__What the exercise asks__
Scan the records below and report how many lines contain the word "mcoeffZ", giving the number by itself.

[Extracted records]
(* If $D$ is an algebraic curve in $\mathbb{CP}^2$ of degree $d$, then for every $n\ge0$ the pullback $(R^n)^*D$ is a divisor of degree $d\cdot4^n$.
   Context: $R[U:V:W]=[(U^2+V^2)^2:V^2(U+W)^2:(V^2+W^2)^2]$ on $\mathbb{CP}^2$. For a rational map $S$ of $\mathbb{CP}^2$ with reduced homogeneous polynomial lift $\hat S$ (components without common factor) and a curve $D=\{p=0\}$ given by a homogeneous polynomial $p$, the pullback $S^*D$ is the divisor $\{p\circ\hat S=0\}$ counted with multiplicities; here $S=R^n$. *)

From HB Require Import structures.
From mathcomp Require Import all_boot all_order all_algebra.
From mathcomp Require Import mpoly.
From mathcomp Require Import complex.
Set Implicit Arguments. Unset Strict Implicit. Unset Printing Implicit Defensive.
Import Order.TTheory GRing.Theory Num.Theory.
Local Open Scope ring_scope.

Section Defs.
Variable K : fieldType.

Definition cU : {mpoly K[3]} := 'X_(0 : 'I_3).
Definition cV : {mpoly K[3]} := 'X_(1 : 'I_3).
Definition cW : {mpoly K[3]} := 'X_(2 : 'I_3).

Definition Rhat : 3.-tuple {mpoly K[3]} :=
  [tuple (cU ^+ 2 + cV ^+ 2) ^+ 2; cV ^+ 2 * (cU + cW) ^+ 2; (cV ^+ 2 + cW ^+ 2) ^+ 2].

Definition idlift : 3.-tuple {mpoly K[3]} := [tuple cU; cV; cW].

(* composition of lifts: components of F o G are F_i(G_0,G_1,G_2) *)
Definition comp_lift (F G : 3.-tuple {mpoly K[3]}) : 3.-tuple {mpoly K[3]} :=
  [tuple of map (fun q => comp_mpoly G q) F].

(* the naive (not necessarily reduced) polynomial lift of R^n : R^ o ... o R^ *)
Definition Rhat_iter (n : nat) : 3.-tuple {mpoly K[3]} :=
  iter n (comp_lift Rhat) idlift.

(* S is a homogeneous polynomial lift of the rational map represented by T:
   components homogeneous of a common degree, not all zero, and S and T
   define the same rational map (proportional triples). *)
Definition is_lift_of (T S : 3.-tuple {mpoly K[3]}) : Prop :=
  (exists e : nat, forall i : 'I_3, tnth S i \is e.-homog) /\
  (exists i : 'I_3, tnth S i != 0) /\
  (forall i j : 'I_3, tnth S i * tnth T j = tnth S j * tnth T i).

Definition no_common_factor (S : 3.-tuple {mpoly K[3]}) : Prop :=
  forall g : {mpoly K[3]},
    (forall i : 'I_3, exists q : {mpoly K[3]}, tnth S i = g * q) ->
    (msize g <= 1)%N.

Definition reduced_lift_Rn (n : nat) (S : 3.-tuple {mpoly K[3]}) : Prop :=
  is_lift_of (Rhat_iter n) S /\ no_common_factor S.

(* the divisor {f = 0} (counted with multiplicities) of a nonzero homogeneous
   polynomial f has degree deg f = (msize f).-1; we record the divisor as the
   nonzero polynomial f and its degree as the total degree. *)
Definition divisor_degree (f : {mpoly K[3]}) : nat := (msize f).-1.

End Defs.

From HB Require Import structures.
From mathcomp Require Import all_boot all_order all_algebra.
From mathcomp Require Import mpoly.
From mathcomp Require Import complex.
Set Implicit Arguments. Unset Strict Implicit. Unset Printing Implicit Defensive.
Import Order.TTheory GRing.Theory Num.Theory.
Local Open Scope ring_scope.

(* With N = 4^n, the naive lift F_n = Rhat_iter n of R^n restricts on the line
   V = 0 to (U^N, 0, W^N).  Comparing with this restriction shows that any
   triple proportional to F_n is a polynomial multiple l * F_n (subtract the
   part visible on V = 0, divide by V and induct on the size), so a reduced
   lift is c * F_n with c a nonzero constant.  It also shows p o F_n <> 0 for
   p <> 0: divide p by V as long as possible, after which the coefficients of
   p(U,0,W) reappear in p(U^N,0,W^N).  Hence p o S = c^d (p o F_n) is nonzero
   and homogeneous of degree d * 4^n. *)

Section SubstituteZero.
Context {K : idomainType} {k : nat}.
Implicit Types (p q r s t w : {mpoly K[k]}) (i j : 'I_k).

Lemma mpolyX_neq0 i : ('X_i : {mpoly K[k]}) != 0.
Proof. by rewrite -msize_poly_eq0 msizeX mdeg1. Qed.

Lemma msize_mulX i q : q != 0 -> msize ('X_i * q) = (msize q).+1.
Proof. by move=> q0; rewrite msizeM ?mpolyX_neq0 // msizeX mdeg1. Qed.

Lemma msize_mulXn r i N : r != 0 -> msize (r * 'X_i ^+ N) = (msize r + N)%N.
Proof.
move=> r0; rewrite msizeM ?expf_neq0 ?mpolyX_neq0 //.
by rewrite mpolyXn msizeX mdegMn mdeg1 mul1n addnS.
Qed.

Lemma msize_dhomog_le d p : p \is d.-homog -> (msize p <= d.+1)%N.
Proof.
move/dhomog_mf => hp; rewrite msizeE; apply/bigmax_leqP_seq => m mp _.
by rewrite ltnS hp.
Qed.

Lemma msize_mul_dhomog_le r q i N : q \is N.-homog ->
  (msize (r * q) <= msize (r * 'X_i ^+ N))%N.
Proof.
move=> hq; have [->|r0] := eqVneq r 0; first by rewrite !mul0r msize0.
have [->|q0] := eqVneq q 0; first by rewrite mulr0 msize0.
rewrite msizeM // msize_mulXn // -subn1 leq_subLR add1n -addnS leq_add2l.
exact: msize_dhomog_le hq.
Qed.

Definition zeroX_powX i (N : nat) : k.-tuple {mpoly K[k]} :=
  [tuple if j == i then 0 else 'X_j ^+ N | j < k].

Definition evalX0 i : {mpoly K[k]} -> {mpoly K[k]} := comp_mpoly (zeroX_powX i 1).
HB.instance Definition _ i :=
  GRing.RMorphism.copy (evalX0 i) (comp_mpoly (zeroX_powX i 1)).

Lemma comp_zeroX_powX_X i N m :
  'X_[m] \mPo zeroX_powX i N = if m i == 0%N then 'X_[(m *+ N)%MM] else 0.
Proof.
rewrite comp_mpolyX mpolyXE_id (bigD1 i) //= tnth_mktuple eqxx expr0n.
case: eqP => [mi0|/eqP ne]; last by rewrite mul0r.
rewrite mul1r [in RHS](bigD1 i) //= mulmnE mi0 mul0n expr0 mul1r.
by apply: eq_bigr => j /negbTE nij; rewrite tnth_mktuple nij mulmnE -exprM mulnC.
Qed.

Lemma mcoeff_comp_zeroX_powX i N p m : (0 < N)%N ->
  (p \mPo zeroX_powX i N)@_(m *+ N)%MM = if m i == 0%N then p@_m else 0.
Proof.
move=> N_gt0; have mulmnK m' : ((m' *+ N)%MM == (m *+ N)%MM) = (m' == m).
  apply/eqP/eqP => [/mnmP e|->//]; apply/mnmP => j.
  by have /eqP := e j; rewrite !mulmnE eqn_pmul2r // => /eqP.
rewrite comp_mpolyEX raddf_sum /=.
under eq_bigr => m' _ do rewrite mcoeffZ comp_zeroX_powX_X
  (fun_if (mcoeff _)) mcoeffX mcoeff0 mulmnK.
case: (m i =P 0%N) => [mi0|/eqP mi0].
- rewrite [in RHS](mpolyE p) raddf_sum; apply: eq_bigr => m' _ /=.
  rewrite mcoeffZ mcoeffX; have [->|/negbTE ne] := eqVneq m' m; first by rewrite mi0.
  by rewrite if_same.
- apply: big1 => m' _; have [->|/negbTE ne] := eqVneq m' m.
    by rewrite (negbTE mi0) mulr0.
  by rewrite if_same mulr0.
Qed.

Lemma mcoeff_evalX0 i p m : (evalX0 i p)@_m = if m i == 0%N then p@_m else 0.
Proof. by rewrite -{1}(mulm1n m) mcoeff_comp_zeroX_powX. Qed.

Lemma evalX0_X i j : evalX0 i 'X_j = if j == i then 0 else 'X_j.
Proof. by rewrite /evalX0 comp_zeroX_powX_X mnm1E mulm1n; case: (j =P i). Qed.

Lemma evalX0_id i p : evalX0 i (evalX0 i p) = evalX0 i p.
Proof. by apply/mpolyP => m; rewrite !mcoeff_evalX0; case: eqP. Qed.

Lemma msize_evalX0_le i p : (msize (evalX0 i p) <= msize p)%N.
Proof.
rewrite [X in (X <= _)%N]msizeE; apply/bigmax_leqP_seq => m mp _.
apply: msize_mdeg_lt; move: mp; rewrite !mcoeff_msupp mcoeff_evalX0.
by case: (m i == 0%N); rewrite ?eqxx.
Qed.

Definition quoX i p : {mpoly K[k]} :=
  \sum_(m <- msupp p) (if m i == 0%N then 0 else p@_m) *: 'X_[(m - U_(i))%MM].

Lemma evalX0_quoX i p : p = evalX0 i p + 'X_i * quoX i p.
Proof.
rewrite {1 2}[p]mpolyE /evalX0 /quoX raddf_sum mulr_sumr -big_split /=.
apply: eq_bigr => m _; rewrite linearZ /= comp_zeroX_powX_X mulm1n.
rewrite -scalerAr -mpolyXD; case: eqP => [_|/eqP mi]; first by rewrite scale0r addr0.
by rewrite scaler0 add0r addmC submK // lep1mP.
Qed.

Lemma evalX0_eq0 i p : evalX0 i p = 0 -> p = 'X_i * quoX i p.
Proof. by move=> p0; rewrite {1}(evalX0_quoX i p) p0 add0r. Qed.

Lemma powX_dvd_mul_free i w t s N : w != 0 -> evalX0 i w = w ->
  t * w = s * 'X_i ^+ N -> exists r, t = 'X_i ^+ N * r.
Proof.
move=> w0 wfree; elim: N t s => [|N IH] t s e; first by exists t; rewrite mul1r.
have /evalX0_eq0 tX : evalX0 i t = 0.
  have : evalX0 i (t * w) = 0 by rewrite e rmorphM rmorphXn /= evalX0_X eqxx expr0n mulr0.
  by rewrite rmorphM /= wfree => /eqP; rewrite mulf_eq0 (negbTE w0) orbF => /eqP.
have /(mulIf (mpolyX_neq0 i)) /IH [r qr] : quoX i t * w * 'X_i = s * 'X_i ^+ N * 'X_i.
  by rewrite -mulrA [w * _]mulrC mulrA [_ * 'X_i]mulrC -tX e -mulrA -exprSr.
by exists r; rewrite tX qr mulrA exprS.
Qed.

End SubstituteZero.

Section Composition.
Context {R : comNzRingType} {n k : nat}.
Implicit Types (p : {mpoly R[n]}) (lq : n.-tuple {mpoly R[k]}).

Lemma comp_mpolyX_tnth (j : 'I_n) lq : 'X_j \mPo lq = tnth lq j.
Proof. by rewrite comp_mpolyXU -tnth_nth. Qed.

Lemma comp_mpolyA l p lq (lr : k.-tuple {mpoly R[l]}) :
  (p \mPo lq) \mPo lr = p \mPo [tuple tnth lq j \mPo lr | j < n].
Proof.
rewrite (comp_mpolyEX p lq) (comp_mpolyEX p [tuple _ | j < n]) raddf_sum.
apply: eq_bigr => m _; rewrite /= comp_mpolyZ !comp_mpolyX rmorph_prod; congr (_ *: _).
by apply: eq_bigr => j _; rewrite rmorphXn tnth_mktuple.
Qed.

Lemma comp_mpoly_dhomog d N p lq : p \is d.-homog ->
  (forall j, tnth lq j \is N.-homog) -> p \mPo lq \is (d * N).-homog.
Proof.
move=> hp hlq; rewrite comp_mpolyEX big_seq; apply: rpred_sum => m mp; apply: rpredZ.
rewrite comp_mpolyX -(dhomog_mf hp mp) /= mdegE mulnC big_distrr.
apply: (big_rec2 (fun e q => q \is e.-homog)) => [|j e q _ hq]; first exact: dhomog1.
exact: dhomogM (dhomogMn _ (hlq j)) hq.
Qed.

__Answer space__
2